- DIRECTIONS
Your answer should be the line that contains "((0 < k) && (nth v0 vs k.-1 == v)) +" and each line after it, restated word for word through the final line of the entries.

• • • • •

(* Let $\Gamma$ be a lattice satisfying the standing assumptions below, and let $\mathcal{F}_1,\dots,\mathcal{F}_K$ be the face-equivalence classes of $\mathcal{F}$. Let $f\in\mathcal{F}_i$ and $f'\in\mathcal{F}_j$ with $i\neq j$. Then for every face path $\rho=(f_1=f,\dots,f_m=f')$ from $f$ to $f'$, the operator $W^Z_{f,f'}(\rho)=\prod_{k=1}^m Z_{f_k}$ is a ($Z$-type) logical operator of the 3D toric code on $\Gamma$.
   Context: $\Gamma$ is a finite, connected three-dimensional cell complex with edges $C_1(\Gamma)$ (partial edges allowed at the boundary), faces $C_2(\Gamma)$, volumes $C_3(\Gamma)$; $\partial(f)$ denotes boundary edges of a face, $\partial(\nu)$ boundary faces of a volume, $\iota(e)$ the faces containing edge $e$, and $\iota(f)$ the volumes having $f$ in their boundary. Every face lies in the boundary of at most two volumes. Standing assumptions: (L1) $\Gamma$ has no boundaries in its interior; (L2) the boundary of every face of $\Gamma$ and of its dual $\Gamma^*$ is a closed path or an open path beginning and ending with partial edges; the dual complex is connected. The 3D toric code on $\Gamma$ has one qubit per face and stabilizer group generated by $B_e=\prod_{f\in\iota(e)}Z_f$ and $A_\nu=\prod_{f\in\partial(\nu)}X_f$; a logical operator is a Pauli operator commuting with all stabilizers but not in the stabilizer group (up to phase). A face path from $f_1$ to $f_m$ is a sequence of faces $(f_1,\dots,f_m)$ with pairwise distinct volumes $\nu_1,\dots,\nu_{m-1}$ such that $f_i,f_{i+1}\in\partial(\nu_i)$. Let $\mathcal{F}=\{f\in C_2(\Gamma):|\iota(f)|=1\}$. Two faces $f,f'\in\mathcal{F}$ are face-equivalent if there is a face path $\rho$ from $f$ to $f'$ such that $\prod_{g\in\rho}Z_g$ is a stabilizer; every face is considered equivalent to itself. As in the paper, face equivalence is taken to be an equivalence relation on $\mathcal{F}$, with classes $\mathcal{F}_1,\dots,\mathcal{F}_K$. *)

From mathcomp Require Import all_boot.
Set Implicit Arguments. Unset Strict Implicit. Unset Printing Implicit Defensive.

Record complex := Complex {
  edge : finType;
  face : finType;
  vol  : finType;
  bd_face : face -> {set edge};
  bd_vol  : vol -> {set face}
}.

Section Defs.
Variable G : complex.
Local Notation E := (edge G).
Local Notation F := (face G).
Local Notation V := (vol G).

Definition iota_e (e : E) : {set F} := [set f | e \in bd_face f].
Definition iota_f (f : F) : {set V} := [set v | f \in bd_vol v].

(* Pauli operators on the face qubits, up to phase, in the binary symplectic
   representation: (X-support, Z-support). *)
Definition pauli := ({set F} * {set F})%type.

Definition commute (P Q : pauli) : bool :=
  odd #|P.1 :&: Q.2| == odd #|P.2 :&: Q.1|.

Definition B_op (e : E) : pauli := (set0, iota_e e).
Definition A_op (v : V) : pauli := (bd_vol v, set0).

(* P lies (up to phase) in the group generated by the B_e and A_nu:
   it is the product of B_e (e in SE) and A_nu (nu in SV). *)
Definition in_stab (P : pauli) : Prop :=
  exists (SE : {set E}) (SV : {set V}),
    P = ([set f | odd #|[set v in SV | f \in bd_vol v]|],
         [set f | odd #|[set e in SE | f \in iota_e e]|]).

Definition logical (P : pauli) : Prop :=
  [/\ forall e, commute P (B_op e), forall v, commute P (A_op v) & ~ in_stab P].

Definition Zprod (s : seq F) : pauli := (set0, [set g | odd (count_mem g s)]).

Definition face_path (f f' : F) (p : seq F) : Prop :=
  exists vs : seq V,
    [/\ 0 < size p, nth f p 0 = f, last f p = f',
        size vs = (size p).-1 & uniq vs] /\
        forall i (v0 : V) (f0 : F), i < size vs ->
          (nth f0 p i \in bd_vol (nth v0 vs i)) &&
          (nth f0 p i.+1 \in bd_vol (nth v0 vs i)).

Definition calF : {set F} := [set f | #|iota_f f| == 1].

Definition face_equiv (f f' : F) : Prop :=
  f = f' \/ exists p, face_path f f' p /\ in_stab (Zprod p).

End Defs.

From Pilot Require Import Defs.
From mathcomp Require Import all_boot.

(* Z-type operators commute with every B_e, and Zprod p commutes with A_nu iff
   the faces of p, counted with multiplicity, lie in the boundary of nu an even
   number of times. Each face of the path lies in the boundary of exactly the
   volumes it is adjacent to along the path: an interior face is adjacent to two
   distinct volumes and lies in at most two, and an endpoint, being in calF,
   lies in only one. So each volume nu_i of the path is counted exactly twice,
   through f_i and f_(i+1). Finally, if Zprod p were a stabilizer, the endpoints
   would be face-equivalent. *)

Lemma count_nth_sum {T : Type} (x0 : T) (a : pred T) (s : seq T) :
  count a s = \sum_(i < size s) a (nth x0 s i).
Proof.
rewrite -sum1_count big_mkcond (big_nth x0) big_mkord.
by apply: eq_bigr => i _; case: (a _).
Qed.

Lemma odd_card_odd_count_setI (T : finType) (s : seq T) (B : {set T}) :
  odd #|[set x | odd (count_mem x s)] :&: B| = odd (count (mem B) s).
Proof.
elim: s => [|y s IHs] /=.
  by rewrite (_ : _ :&: B = set0) ?cards0 //; apply/setP => x; rewrite !inE.
rewrite oddD -IHs (cardsD1 y ([set x | odd (count_mem x s)] :&: B)).
rewrite (cardsD1 y ([set x | odd ((y == x) + count_mem x s)] :&: B)).
have -> : [set x | odd ((y == x) + count_mem x s)] :&: B :\ y =
          [set x | odd (count_mem x s)] :&: B :\ y.
  by apply/setP => x; rewrite !inE; case: (eqVneq x y).
rewrite !inE eqxx /= !oddD.
by case: (y \in B); case: (odd (count_mem y s)); case: (odd #|_|).
Qed.

Lemma commute_Zprod_B (G : complex) (s : seq (face G)) (e : edge G) :
  Defs.commute (Zprod s) (B_op e).
Proof. by rewrite /Defs.commute /= set0I setI0. Qed.

Section FacePathIncidence.

Variable G : complex.
Local Notation F := (face G).
Local Notation V := (vol G).

Hypothesis two_vols : forall g : F, #|iota_f g| <= 2.

Variables (p : seq F) (vs : seq V) (x0 : F) (v0 : V).
Local Notation n := (size vs).

Hypotheses (size_p : size p = n.+1) (n_gt0 : 0 < n) (uniq_vs : uniq vs).
Hypotheses (head_calF : nth x0 p 0 \in calF G) (last_calF : nth x0 p n \in calF G).
Hypothesis adj : forall i, i < n ->
  (nth x0 p i \in bd_vol (nth v0 vs i)) && (nth x0 p i.+1 \in bd_vol (nth v0 vs i)).

Definition path_nbr_vols (k : nat) : {set V} :=
  [set v | ((0 < k) && (nth v0 vs k.-1 == v)) || ((k < n) && (nth v0 vs k == v))].

Lemma path_vols_pred_neq k : 0 < k < n -> nth v0 vs k.-1 != nth v0 vs k.
Proof.
case/andP=> k_gt0 lt_kn; rewrite nth_uniq ?(leq_ltn_trans (leq_pred k)) //.
by rewrite neq_ltn prednK ?leqnn.
Qed.

Lemma path_nbr_vols_sub k :
  k < n.+1 -> path_nbr_vols k \subset iota_f (nth x0 p k).
Proof.
move=> lt_kn1; apply/subsetP => v; rewrite !inE.
case/orP => /andP[lt_k /eqP <-]; last by case/andP: (adj _ lt_k).
by have := adj k.-1; rewrite prednK // => /(_ lt_kn1) /andP[].
Qed.

Lemma card_iota_f_path k :
  k < n.+1 -> #|iota_f (nth x0 p k)| <= #|path_nbr_vols k|.
Proof.
move=> lt_kn1.
have calF1 g : g \in calF G -> #|iota_f g| = 1 by rewrite inE => /eqP.
have [->|k_gt0] := posnP k.
  rewrite calF1 // card_gt0; apply/set0Pn; exists (nth v0 vs 0).
  by rewrite inE n_gt0 eqxx orbT.
have [lt_kn|] := ltnP k n; last first.
  move=> le_nk; have -> : k = n by apply/eqP; rewrite eqn_leq le_nk andbT -ltnS.
  rewrite calF1 // card_gt0.
  by apply/set0Pn; exists (nth v0 vs n.-1); rewrite inE (leq_trans k_gt0) ?eqxx.
apply: leq_trans (two_vols _) _.
have <- : #|[set nth v0 vs k.-1; nth v0 vs k]| = 2.
  by rewrite cards2 path_vols_pred_neq ?k_gt0.
by apply/subset_leq_card/subsetP => v; rewrite !inE k_gt0 lt_kn /= !(eq_sym v).
Qed.

Lemma iota_f_path k : k < n.+1 -> iota_f (nth x0 p k) = path_nbr_vols k.
Proof.
move=> lt_kn1; apply/esym/eqP.
by rewrite eqEcard path_nbr_vols_sub ?card_iota_f_path.
Qed.

Lemma in_bd_vol_path k v : k < n.+1 ->
  nth x0 p k \in bd_vol v =
  ((0 < k) && (nth v0 vs k.-1 == v)) + ((k < n) && (nth v0 vs k == v)) :> nat.
Proof.
move=> lt_kn1; have := iota_f_path k lt_kn1.
move/setP/(_ v); rewrite !inE => ->.
have [-> //|k_gt0 /=] := posnP k.
have [lt_kn|] := ltnP k n; last by rewrite orbF addn0.
by case: eqP => [<-|//]; rewrite eq_sym (negbTE (path_vols_pred_neq k _)) ?k_gt0.
Qed.

Lemma count_bd_vol_path v : count (mem (bd_vol v)) p = (count_mem v vs).*2.
Proof.
rewrite (count_nth_sum x0) (count_nth_sum v0) size_p -addnn.
under eq_bigr => k _ do rewrite (in_bd_vol_path k v (ltn_ord k)).
rewrite big_split big_ord_recl big_ord_recr /= ltnn addn0 add0n.
by congr (_ + _); apply: eq_bigr => i _; rewrite ?ltn_ord.
Qed.

End FacePathIncidence.

Theorem lemma3 (G : complex)
  (two_vols : forall f : face G, #|iota_f f| <= 2)
  (f f' : face G) :
  f \in calF G -> f' \in calF G -> ~ face_equiv f f' ->
  forall p : seq (face G), face_path f f' p -> logical (Zprod p).
Proof.
move=> f_calF f'_calF not_equiv p p_path.
have [vs [[p_gt0 p_head p_last size_vs uniq_vs] adj]] := p_path.
have size_p : size p = (size vs).+1 by rewrite size_vs prednK.
have p_end : nth f p (size vs) = f' by rewrite -p_last -nth_last size_p.
have vs_gt0 : 0 < size vs.
  rewrite lt0n; apply/negP => /eqP vs0; apply: not_equiv; left.
  by rewrite -p_end vs0.
split=> [e|v|stab]; first exact: commute_Zprod_B.
  rewrite /Defs.commute /= setI0 cards0 odd_card_odd_count_setI.
  rewrite (count_bd_vol_path _ two_vols _ _ f v size_p vs_gt0 uniq_vs) ?odd_double //.
  - by rewrite p_head.
  - by rewrite p_end.
  - by move=> i; apply: adj.
by apply: not_equiv; right; exists p.
Qed.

• • • • •

- WRITTEN ANSWER
  ((0 < k) && (nth v0 vs k.-1 == v)) + ((k < n) && (nth v0 vs k == v)) :> nat.
Proof.
move=> lt_kn1; have := iota_f_path k lt_kn1.
move/setP/(_ v); rewrite !inE => ->.
have [-> //|k_gt0 /=] := posnP k.
have [lt_kn|] := ltnP k n; last by rewrite orbF addn0.
by case: eqP => [<-|//]; rewrite eq_sym (negbTE (path_vols_pred_neq k _)) ?k_gt0.
Qed.

Lemma count_bd_vol_path v : count (mem (bd_vol v)) p = (count_mem v vs).*2.
Proof.
rewrite (count_nth_sum x0) (count_nth_sum v0) size_p -addnn.
under eq_bigr => k _ do rewrite (in_bd_vol_path k v (ltn_ord k)).
rewrite big_split big_ord_recl big_ord_recr /= ltnn addn0 add0n.
by congr (_ + _); apply: eq_bigr => i _; rewrite ?ltn_ord.
Qed.

End FacePathIncidence.

Theorem lemma3 (G : complex)
  (two_vols : forall f : face G, #|iota_f f| <= 2)
  (f f' : face G) :
  f \in calF G -> f' \in calF G -> ~ face_equiv f f' ->
  forall p : seq (face G), face_path f f' p -> logical (Zprod p).
Proof.
move=> f_calF f'_calF not_equiv p p_path.
have [vs [[p_gt0 p_head p_last size_vs uniq_vs] adj]] := p_path.
have size_p : size p = (size vs).+1 by rewrite size_vs prednK.
have p_end : nth f p (size vs) = f' by rewrite -p_last -nth_last size_p.
have vs_gt0 : 0 < size vs.
  rewrite lt0n; apply/negP => /eqP vs0; apply: not_equiv; left.
  by rewrite -p_end vs0.
split=> [e|v|stab]; first exact: commute_Zprod_B.
  rewrite /Defs.commute /= setI0 cards0 odd_card_odd_count_setI.
  rewrite (count_bd_vol_path _ two_vols _ _ f v size_p vs_gt0 uniq_vs) ?odd_double //.
  - by rewrite p_head.
  - by rewrite p_end.
  - by move=> i; apply: adj.
by apply: not_equiv; right; exists p.
Qed.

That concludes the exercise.